New Requip Ads Coming Soon?
But new indication or not, I envision new Requip TV ads showing more twitching in sleep than twitching during dinner at a restaurant. GSK already has the YouTube video prototype out there (see “GSK’s YouTube Disease Awareness Sponsorship“). Will FDA allow this in branded advertising? Inquiring minds want to know.
Meanwhile, this study sets the stage for the greatest off-label promotion scandal to come. I am sure GSK and BI sales reps and/or Medical Science Liaisons will be out there talking this up to physicians who undoubtedly will be led to equate PLMS with RLS.

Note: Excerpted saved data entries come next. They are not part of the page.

Definition listing (A : set2) (a b : nat -> nat) : Prop :=
  increasing b /\ forall x y, A x y = true <-> exists i, a i = x /\ b i = y.

Record admissible (a b : nat -> nat) : Prop := {
  adm_increasing : increasing b;
  adm_lt : forall i, a i < b i;
  adm_neq : forall i j, a i <> b j;
  adm_repeat : forall i n, exists j, n <= j /\ a j = a i;
  adm_unbounded : forall n, exists i, n <= a i }.

Definition ord (a b : nat -> nat) (s t : Sym) : Prop := interp a b s <= interp a b t.

Definition graph (a b : nat -> nat) : set2 := fun x y =>
  existsb (fun i => (a i =? x) && (b i =? y)) (seq 0 (S y)).

Lemma graph_listing a b : increasing b -> listing (graph a b) a b.
Proof.
  intros Hb. split; [exact Hb|]. intros x y. unfold graph. rewrite existsb_exists. split.
  - intros [i [_ Hi]]. apply andb_true_iff in Hi as [Hx Hy].
    apply Nat.eqb_eq in Hx, Hy. eauto.
  - intros [i [<- <-]]. exists i. split.
    + apply in_seq. pose proof (increasing_ge b Hb i). lia.
    + rewrite !Nat.eqb_refl. reflexivity.
Qed.

Section Listing.
Variables (A : set2) (a b : nat -> nat).
Hypothesis Hlist : listing A a b.

Lemma listing_mem i : A (a i) (b i) = true.
Proof. apply Hlist. eauto. Qed.

Lemma listing_inP : admissible a b -> inP A.
Proof.
  intros Hadm. destruct Hlist as [Hb Hmem].
  assert (Hinf : forall i, infinite_nat (section A (a i))).
  { intros i n. destruct (adm_repeat _ _ Hadm i n) as [j [Hj Ej]]. exists (b j). split.
    - pose proof (increasing_ge b Hb j). lia.
    - unfold section. rewrite <- Ej. apply listing_mem. }
  split; [|split; [|split; [|split]]].
  - intros n. destruct (adm_unbounded _ _ Hadm n) as [i Hi]. eauto.
  - intros x [y Hy]. apply Hmem in Hy as [i [<- _]]. apply Hinf.
  - intros x x' y Hx Hx'. apply Hmem in Hx as [i [<- Hi]], Hx' as [i' [<- Hi']].
    subst y. rewrite (increasing_inj b Hb i i'); auto.
  - intros x y Hxy. apply Hmem in Hxy as [i [<- <-]]. apply (adm_lt _ _ Hadm).
  - intros x y x' y' Hxy Hxy'. apply Hmem in Hxy as [i [<- _]], Hxy' as [i' [_ <-]].
    apply (adm_neq _ _ Hadm).
Qed.

Hypothesis HA : inP A.

Lemma listing_admissible : admissible a b.
Proof.
  destruct Hlist as [Hb Hmem]. destruct HA as [Hinf [Hsec [_ [Hlt Hneq]]]].
  constructor.
  - exact Hb.
  - intros i. apply Hlt, listing_mem.
  - intros i j. apply (Hneq _ (b i) (a j) _); apply listing_mem.
  - intros i n. destruct (Hsec (a i) (ex_intro _ (b i) (listing_mem i)) (b n)) as [y [Hy Ay]].
    apply Hmem in Ay as [j [Ej <-]]. exists j.
    split; [apply (increasing_le_iff b Hb); exact Hy|exact Ej].
  - intros n. destruct (Hinf n) as [x [Hx Hsecx]]. destruct (Hsecx 0) as [y [_ Hxy]].
    apply Hmem in Hxy as [i [<- _]]. eauto.
Qed.

Lemma listing_unique a' b' : listing A a' b' -> forall i, a i = a' i /\ b i = b' i.
Proof.
  intros Hlist'. destruct Hlist as [Hb Hmem], Hlist' as [Hb' Hmem'].
  assert (Hrange : forall y, (exists k, b k = y) <-> exists k, b' k = y).
  { intros y. split; intros [k <-].
    - destruct (proj1 (Hmem' _ _) (listing_mem k)) as [k' [_ E]]. eauto.
    - assert (Hk : A (a' k) (b' k) = true) by (apply Hmem'; eauto).
      destruct (proj1 (Hmem _ _) Hk) as [k' [_ E]]. eauto. }
  intros i. assert (Eb : b i = b' i) by (apply increasing_same_range; assumption).
  split; [|exact Eb]. destruct HA as [_ [_ [Hdisj _]]]. apply (Hdisj _ _ (b i)).
  - apply listing_mem.
  - rewrite Eb. apply Hmem'. eauto.
Qed.
End Listing.

Lemma inP_listing A : inP A -> exists a b, listing A a b.
Proof.
  intros HA. destruct HA as [Hinf [_ [Hdisj _]]].
  destruct (infinite_enum (fun y => exists x, A x y = true)) as [b [Hb Hrange]].
  { intros n. destruct (Hinf 0) as [x [_ Hx]]. destruct (Hx n) as [y [Hy Hxy]]. eauto. }
  destruct (choice (fun i x => A x (b i) = true)) as [a Ha].
  { intros i. apply Hrange. eauto. }
  exists a, b. split; [exact Hb|]. intros x y. split.
  - intros Hxy. destruct (proj1 (Hrange y) (ex_intro _ x Hxy)) as [i <-].
    exists i. split; [|reflexivity]. apply (Hdisj _ _ (b i)); auto.
  - intros [i [<- <-]]. apply Ha.
Qed.

Lemma list_max_bound {T} (f : T -> nat) (l : list T) : exists M, forall t, In t l -> f t <= M.
Proof.
  induction l as [|u l [M HM]]; [exists 0; intros t []|].
  exists (max (f u) M). intros t [<-|Ht]; [lia|]. specialize (HM t Ht). lia.
Qed.

Lemma values_below_listed {T} (f : T -> nat) v :
  exists l, forall t, f t < v -> exists u, In u l /\ f u = f t.
Proof.
  induction v as [|v [l Hl]]; [exists []; intros t Ht; lia|].
  destruct (classic (exists t, f t = v)) as [[t0 Ht0]|Hno].
  - exists (t0 :: l). intros t Ht. destruct (Nat.eq_dec (f t) v) as [E|E].
    + exists t0. split; [left; reflexivity|congruence].
    + destruct (Hl t) as [u [Hu Eu]]; [lia|]. exists u. split; [right|]; assumption.
  - exists l. intros t Ht. apply Hl. destruct (Nat.eq_dec (f t) v) as [E|E]; [|lia].
    exfalso. eauto.
Qed.

Lemma admissible_omega_type a b : admissible a b -> omega_type (ord a b).
Proof.
  intros Hadm. unfold omega_type, slt, seqv, ord.
  pose proof (adm_increasing _ _ Hadm) as Hb.
  pose proof (adm_lt _ _ Hadm) as Hlt. pose proof (adm_neq _ _ Hadm) as Hneq.
  split; [intros; lia|]. split; [intros; lia|]. split; [intros; lia|].
  split; [intros i j Hij; specialize (Hb i j Hij); cbn; lia|].
  split; [intros i; specialize (Hlt i); cbn; lia|].
  split; [|split].
  - intros [i|i].
    + right. split.
      * intros [j|j] [H1 H2]; cbn in *; [eauto|]. exfalso. apply (Hneq i j). lia.
      * intros n. destruct (adm_repeat _ _ Hadm i n) as [j [Hj Ej]].
        exists j. cbn. split; [exact Hj|lia].
    + left. exists i. split; [reflexivity|]. intros [j|j] [H1 H2]; cbn in *.
      * exfalso. apply (Hneq j i). lia.
      * f_equal. apply (increasing_inj b Hb). lia.
  - intros l. destruct (list_max_bound (interp a b) l) as [M HM].
    destruct (adm_unbounded _ _ Hadm (S M)) as [i Hi]. exists i. intros t Ht [H1 H2].
    specialize (HM t Ht). cbn in *. lia.
  - intros s. destruct (values_below_listed (interp a b) (interp a b s)) as [l Hl].
    exists l. intros t [H1 H2]. destruct (Hl t) as [u [Hu Eu]]; [lia|].
    exists u. split; [exact Hu|lia].
Qed.

Section Reparametrize.
Variables (a b g : nat -> nat).
Hypothesis Hg : increasing g.

Lemma ord_compose s t : ord (fun i => g (a i)) (fun i => g (b i)) s t <-> ord a b s t.
Proof.
  unfold ord. destruct s, t; cbn; apply increasing_le_iff, Hg.
Qed.

Lemma admissible_compose : admissible a b -> admissible (fun i => g (a i)) (fun i => g (b i)).
Proof.
  intros Hadm. constructor.
  - apply increasing_compose; [apply (adm_increasing _ _ Hadm)|exact Hg].
  - intros i. apply Hg, (adm_lt _ _ Hadm).
  - intros i j E. apply (adm_neq _ _ Hadm i j), (increasing_inj g Hg), E.
  - intros i n. destruct (adm_repeat _ _ Hadm i n) as [j [Hj Ej]]. exists j. rewrite Ej. auto.
  - intros n. destruct (adm_unbounded _ _ Hadm n) as [i Hi]. exists i.
    pose proof (increasing_ge g Hg (a i)). lia.
Qed.
End Reparametrize.

Lemma graph_P_tau a b (tau : Sym -> Sym -> Prop) :
  admissible a b -> (forall s t, tau s t <-> ord a b s t) -> P_tau tau (graph a b).
Proof.
  intros Hadm Htau. pose proof (graph_listing a b (adm_increasing _ _ Hadm)) as Hlist.
  split; [exact (listing_inP _ _ _ Hlist Hadm)|].
  exists a, b. destruct Hlist as [Hb Hmem]. auto.
Qed.

(** * Ranking the classes of an omega-type *)

Lemma pigeonhole (f : nat -> nat) n : (forall k, f k < n) -> exists j k, j <> k /\ f j = f k.
Proof.
  intros Hf. apply NNPP. intros Hinj.
  assert (Hnd : NoDup (map f (seq 0 (S n)))).
  { apply Injective_map_NoDup_in; [|apply seq_NoDup].
    intros j k _ _ E. apply NNPP. intros D. apply Hinj. eauto. }
  apply (NoDup_incl_length (l' := seq 0 n)) in Hnd.
  - rewrite length_map, !length_seq in Hnd. lia.
  - intros x Hx. apply in_map_iff in Hx as [k [<- _]]. apply in_seq. specialize (Hf k). lia.
Qed.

Another commenter to the ABC News story shows how easy it will be to confuse RLS with PLM:
I too agree with docpiner it is not sleep kicking. I have had RLS since my last child was born (19 years ago) and it is very annoying. I hated to see evening come. As soon as I would sit or lie down for the evening my legs would start. I finally found Requip about 3 years ago and has provided me with relief so that I could get to sleep. It wears off for me around 6am. My legs get me awake then I have to get up. My legs ache (from the knees down) and also wonder if other RLS sufferers have the same problem.